Fremde Federn

Industrie-Revolution, Partygate, Lobbysumpf

Diese Woche unter anderem in den Fremden Federn: Die Folgen der Energiewende für die Opec-Länder, die durchwachsene Klimabilanz der Ampel-Koalition und was das überstandene Misstrauensvotum (nicht) für Boris Johnson bedeutet.

Foto: Jojo Bombardo via Flickr (CC BY-ND 2.0)

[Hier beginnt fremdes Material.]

(* Let $D$ be an API-domain whose conductor $[D:\overline{D}]$ is nonzero. Then $D\subseteq\overline{D}$ is a bounded root extension, and hence $\overline{D}$ is an API-domain. Consequently, if $D$ is a quasilocal API-domain, not a field, with $[D:\overline{D}]\neq0$, then $\overline{D}$ is a DVR.
   Context: $\overline{D}$ is the integral closure of $D$ in its quotient field $K$; $[D:\overline{D}]=\{x\in K: x\overline{D}\subseteq D\}$. An API-domain is an integral domain in which for every nonempty subset $\{d_\alpha\}$ of nonzero elements there is $n$ with the ideal $(\{d_\alpha^n\})$ principal. $D\subseteq\overline D$ is a bounded root extension if there is a single natural number $n$ with $x^n\in D$ for all $x\in\overline D$. Quasilocal: unique maximal ideal. DVR: local PID not a field. *)

(* A domain D is modelled as a subring of its quotient field K. *)
From HB Require Import structures.
From mathcomp Require Import all_boot all_order all_algebra.
Set Implicit Arguments. Unset Strict Implicit. Unset Printing Implicit Defensive.
Import Order.TTheory GRing.Theory Num.Theory.
Local Open Scope ring_scope.

Section Defs.
Variable K : fieldType.

Definition is_subring (A : K -> Prop) : Prop :=
  [/\ A 1, (forall x y, A x -> A y -> A (x - y)) & (forall x y, A x -> A y -> A (x * y))].

Definition is_quotient_field (A : K -> Prop) : Prop :=
  forall x : K, exists a b, [/\ A a, A b, b != 0 & x = a / b].

Definition int_closure (A : K -> Prop) : K -> Prop :=
  fun x => exists p : {poly K}, [/\ p \is monic, (forall i, A p`_i) & root p x].

Definition conductor (A B : K -> Prop) : K -> Prop :=
  fun x => forall y, B y -> A (x * y).

Definition gen_ideal (A S : K -> Prop) : K -> Prop :=
  fun x => exists r : seq (K * K),
    (forall p, p \in r -> A p.1 /\ S p.2) /\ x = \sum_(p <- r) p.1 * p.2.

Definition is_ideal (A I : K -> Prop) : Prop :=
  [/\ (forall x, I x -> A x), I 0,
      (forall x y, I x -> I y -> I (x + y)) &
      (forall a x, A a -> I x -> I (a * x))].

In den „Fremden Federn“ stellen wir einmal pro Woche in Kooperation mit dem Kuratorendienst piqd eine Auswahl von lesenswerten journalistischen Fundstücken mit wirtschaftspolitischem Bezug zusammen. piqd versteht sich als eine „Programmzeitung für guten Journalismus“ – was relevant ist, bestimmen keine reichweitenoptimierten Algorithmen, sondern ausschließlich ausgewählte Fachjournalisten, Wissenschaftler und andere Experten.

„Es gibt ein globales Macht­vakuum“ (Adam Tooze)

piqer:
Achim Engelberg

Die verbundenen, verflochtenen und dennoch auch einzeln zu betrachtenden planetarischen Krisen seit der Finanzkrise ab 2008 untergruben die alte Weltordnung, so der bekannte Wirtschaftshistoriker Adam Tooze. Die Bekämpfung der Pandemie in den letzten Jahren ohne globalen Lösungsansatz und in den letzten Monaten der Krieg in der Ukraine zerstör(t)en und zertrümmer(te)n die nach 1990 entstandene Welt(un)ordnung.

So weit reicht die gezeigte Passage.